Comment 3 Manas Bhatnagar 2019-01-02 19:07:33 UTC
I have seen the reboot happen twice more - still nothing in /var/crash
Comment 4 Michael Muenz 2019-01-29 12:30:47 UTC
Here's a new report with a bit of crashdump:

https://twitter.com/genneko217/status/1090218028480921600

https://gist.github.com/genneko/755f6160ba2594c5945b8fc18940ea71

HTH
Michael
Comment 5 Mark Johnston freebsd_committer 2019-01-30 18:30:31 UTC
This appears to be a kernel bug rather than an issue with the port itself.
Comment 6 Mark Johnston freebsd_committer 2019-01-30 18:34:29 UTC
Looks like the issue is seen on both 11.2 and 12.0?
Comment 7 Michael Muenz 2019-01-31 14:08:49 UTC
I was able to reproduce on 11.2 and 12.0, sometimes it takes up to 100 daemon restarts, sometimes after second one.
Comment 8 Manas Bhatnagar 2019-02-28 06:58:52 UTC
I see this on FreeBSD 12.0-RELEASE-p3 without setfib as well. Every 'wg-quick down wg0' command has resulted in a hard reboot.

wireguard-0.0.20190123
wireguard-go-0.0.20181222
Comment 9 Marek Zarychta 2019-02-28 07:38:47 UTC
12-STABLE panicked once for me while deactivating wireguard interface (in fib 0). I haven't seen such an issue on 13-STABLE yet, despite the fact I am using wireguard here more often.
I can provide neither crash dumps nor additional information.
Comment 10 Marek Zarychta 2019-02-28 07:39:47 UTC
(In reply to Marek Zarychta from comment #9)
13-CURRENT not STABLE of course
Comment 11 Bernhard Froehlich freebsd_committer 2019-03-21 10:52:29 UTC
This stacktrace is from https://gist.github.com/genneko/755f6160ba2594c5945b8fc18940ea71
and I copied it here in case it vanishes on github.

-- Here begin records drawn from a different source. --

(* A nondecreasing sequence in [C] has constant imaginary part, so only the real part moves. *)
Lemma ccvg_nondecreasing u b : (forall k, u k <= u k.+1) -> (forall k, u k <= b) ->
  exists z, ccvg u z.
Proof.
move=> uS ub.
have Im_u k : Im (u k) = Im (u 0%N).
  by elim: k => // k <-; have := uS k; rewrite lecE => /andP[/eqP].
exists ((sup (range (fun k => Re (u k)))) +i* Im (u 0%N))%C; split.
  apply: nondecreasing_cvgn.
    by apply/nondecreasing_seqP => k; have := uS k; rewrite lecE => /andP[].
  by exists (Re b) => _ [k _ <-]; have := ub k; rewrite lecE => /andP[].
by rewrite (funext Im_u); exact: cvg_cst.
Qed.

End ComplexLimits.

Section MatrixLimits.
Variable R : realType.
Local Notation C := R[i].

Lemma qform_expand d (M : 'M[C]_d) u w :
  qform M u w = \sum_b \sum_a (adj u 0 a * w b 0) * M a b.
Proof.
rewrite /qform mxE; apply: eq_bigr => b _; rewrite mxE mulr_suml.
by apply: eq_bigr => a _; ring.
Qed.

Lemma mcvg_qform d (S : nat -> 'M[C]_d) M u w :
  mcvg S M -> ccvg (fun k => qform (S k) u w) (qform M u w).
Proof.
move=> SM; rewrite qform_expand; under eq_fun do rewrite qform_expand.
by apply: ccvg_sum => b; apply: ccvg_sum => a; exact: ccvgMl (SM a b).
Qed.

Lemma mcvg_tr d (S : nat -> 'M[C]_d) M : mcvg S M -> ccvg (fun k => \tr (S k)) (\tr M).
Proof. by move=> SM; apply: ccvg_sum => i; exact: SM. Qed.

Lemma psd_mcvg d (S : nat -> 'M[C]_d) M : mcvg S M -> (forall k, psd (S k)) -> psd M.
Proof. by move=> SM psdS v; apply: ccvg_ge (mcvg_qform v v SM) _ => k; exact: psdS. Qed.

Lemma mcvg_tr_le d (S : nat -> 'M[C]_d) M b :
  mcvg S M -> (forall k, \tr (S k) <= b) -> \tr M <= b.
Proof. by move=> SM; apply: ccvg_le (mcvg_tr SM). Qed.

Lemma mcvg_mlim d (S : nat -> 'M[C]_d) :
  (forall i j, exists z, ccvg (fun k => S k i j) z) -> mcvg S (mlim S).
Proof. by move=> HS i j; have [z Sz] := HS i j; rewrite mxE (ccvg_lim Sz). Qed.

(* Entries are recovered from four quadratic forms by polarization, and each
   of these is nondecreasing and bounded by the trace. *)
Lemma psd_series_mcvg d (f : nat -> 'M[C]_d) b :
  (forall i, psd (f i)) -> (forall k, \tr (\sum_(i < k) f i) <= b) ->
  mcvg (fun k => \sum_(i < k) f i) (mlim (fun k => \sum_(i < k) f i)).
Proof.
move=> psd_f trb; set S := fun k => _.
have psd_S k : psd (S k) by apply: psd_sum.
have form_cvg c i j : conjc c * c = 1 ->
    exists z, ccvg (fun k => qform (S k) (vc i j c) (vc i j c)) z.
  move=> Hc; apply: (@ccvg_nondecreasing _ _ (4 * b)) => k.
    by rewrite /S big_ord_recr /= qformMD lerDl psd_f.
  apply: le_trans (qform_vc_le_tr _ _ (psd_S k) Hc) _.
  by apply: ler_wpM2l; [rewrite ler0n | exact: trb].
apply: mcvg_mlim => i j.
have u1 : conjc 1 * 1 = 1 :> C by rewrite conjc1 mulr1.
have uN1 : conjc (-1) * -1 = 1 :> C by rewrite conjcN1 mulrNN mulr1.
have ui : conjc 'i%C * 'i%C = 1 :> C by rewrite conjc_i mulNr -expr2 sqr_i opprK.
have uNi : conjc (- 'i%C) * - 'i%C = 1 :> C by rewrite conjcNi mulrN -expr2 sqr_i opprK.
have [[z1 cvg1] [z2 cvg2]] := (form_cvg _ i j u1, form_cvg _ i j uN1).
have [[z3 cvg3] [z4 cvg4]] := (form_cvg _ i j ui, form_cvg _ i j uNi).
exists (4^-1 * ((z1 - z2) - 'i%C * (z3 - z4))).
rewrite (funext (fun k => polarization (S k) i j)).
by apply: ccvgMl; apply: ccvgB; [exact: ccvgB | apply: ccvgMl; exact: ccvgB].
Qed.

End MatrixLimits.

Section Semantics.
Variable R : realType.
Local Notation C := R[i].

Lemma projector_compl d (P : 'M[C]_d) : projector P -> projector (pcompl P).
Proof.
case=> P_herm P_idem; split; rewrite /pcompl; first by rewrite adjB adj1 P_herm.
by rewrite mulmxBl mul1mx mulmxBr mulmx1 P_idem subrr subr0.
Qed.

Definition trace_nonincreasing d (F : 'M[C]_d -> 'M[C]_d) :=
  forall rho, psd rho -> psd (F rho) /\ \tr (F rho) <= \tr rho.

Variables (n t : nat) (qs : t.-tuple 'I_n).

Lemma tr_assert_sem_split (P : 'M[C]_(dim t)) rho : uniq qs -> projector P ->
  \tr (assert_sem qs P rho) + \tr (assert_sem qs (pcompl P) rho) = \tr rho.
Proof.
move=> Uq HP; have tr_assert (Q : 'M[C]_(dim t)) : projector Q ->
    \tr (assert_sem qs Q rho) = \tr (cyl qs Q *m rho).
  by case=> _ Q_idem; rewrite /assert_sem mxtrace_mulC mulmxA -cylM // Q_idem.
rewrite !tr_assert //; last exact: projector_compl.
rewrite /pcompl cylB cyl1 mulmxBl mul1mx.
by rewrite raddfB /= addrC subrK.
Qed.

Lemma psd_assert_sem (P : 'M[C]_(dim t)) rho : projector P -> psd rho ->
  psd (assert_sem qs P rho).
Proof.
case=> P_herm _ psd_rho; rewrite /assert_sem {2}(_ : cyl qs P = adj (cyl qs P)).
  exact: psd_conj.
by rewrite cyl_adj P_herm.
Qed.

Lemma assert_sem_trace_nonincreasing (P : 'M[C]_(dim t)) : uniq qs -> projector P ->
  trace_nonincreasing (assert_sem qs P).
Proof.
move=> Uq HP rho psd_rho; split; first exact: psd_assert_sem.
rewrite -[X in _ <= X](tr_assert_sem_split rho Uq HP) lerDl.
by apply/psd_tr/psd_assert_sem => //; exact: projector_compl.
Qed.

Lemma tr_unitary_conj (U : 'M[C]_(dim t)) rho : uniq qs -> unitary U ->
  \tr (cyl qs U *m rho *m adj (cyl qs U)) = \tr rho.
Proof.
by move=> Uq HU; rewrite mxtrace_mulC mulmxA cyl_adj -cylM // HU cyl1 mul1mx.
Qed.

Lemma tr_init_sem (rho : 'M[C]_(dim n)) : uniq qs ->
  \tr (\sum_(i < dim t) (cyl qs (delta_mx (zero_idx t) i) *m rho *m
        adj (cyl qs (delta_mx (zero_idx t) i)))) = \tr rho.
Proof.
move=> Uq; rewrite raddf_sum /=.
under eq_bigr do rewrite mxtrace_mulC mulmxA.
rewrite -raddf_sum /= -mulmx_suml.
under eq_bigr do rewrite cyl_adj adj_delta -cylM // mul_delta_mx.
by rewrite -cyl_sum -mx1_sum_delta cyl1 mul1mx.
Qed.

Fixpoint unroll (P : 'M[C]_(dim t)) (Sb : prog R n) (k : nat) : prog R n :=
  if k is k'.+1 then PSeq (PSeq (assertP qs P) Sb) (unroll P Sb k')
  else assertP qs (pcompl P).

Lemma sem_unroll P Sb k rho : sem (unroll P Sb k) rho =
  assert_sem qs (pcompl P) (iter k (fun r => sem Sb (assert_sem qs P r)) rho).
Proof. by elim: k rho => [|k IH] rho //=; rewrite IH -iterSr. Qed.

dumped core - see /var/crash/vmcore.0

Tue Jan 29 11:09:03 UTC 2019

FreeBSD  12.0-RELEASE-p2 FreeBSD 12.0-RELEASE-p2 GENERIC  amd64

panic: page fault

GNU gdb 6.1.1 [FreeBSD]
Copyright 2004 Free Software Foundation, Inc.
GDB is free software, covered by the GNU General Public License, and you are
welcome to change it and/or distribute copies of it under certain conditions.
Type "show copying" to see the conditions.
There is absolutely no warranty for GDB.  Type "show warranty" for details.
This GDB was configured as "amd64-marcel-freebsd"...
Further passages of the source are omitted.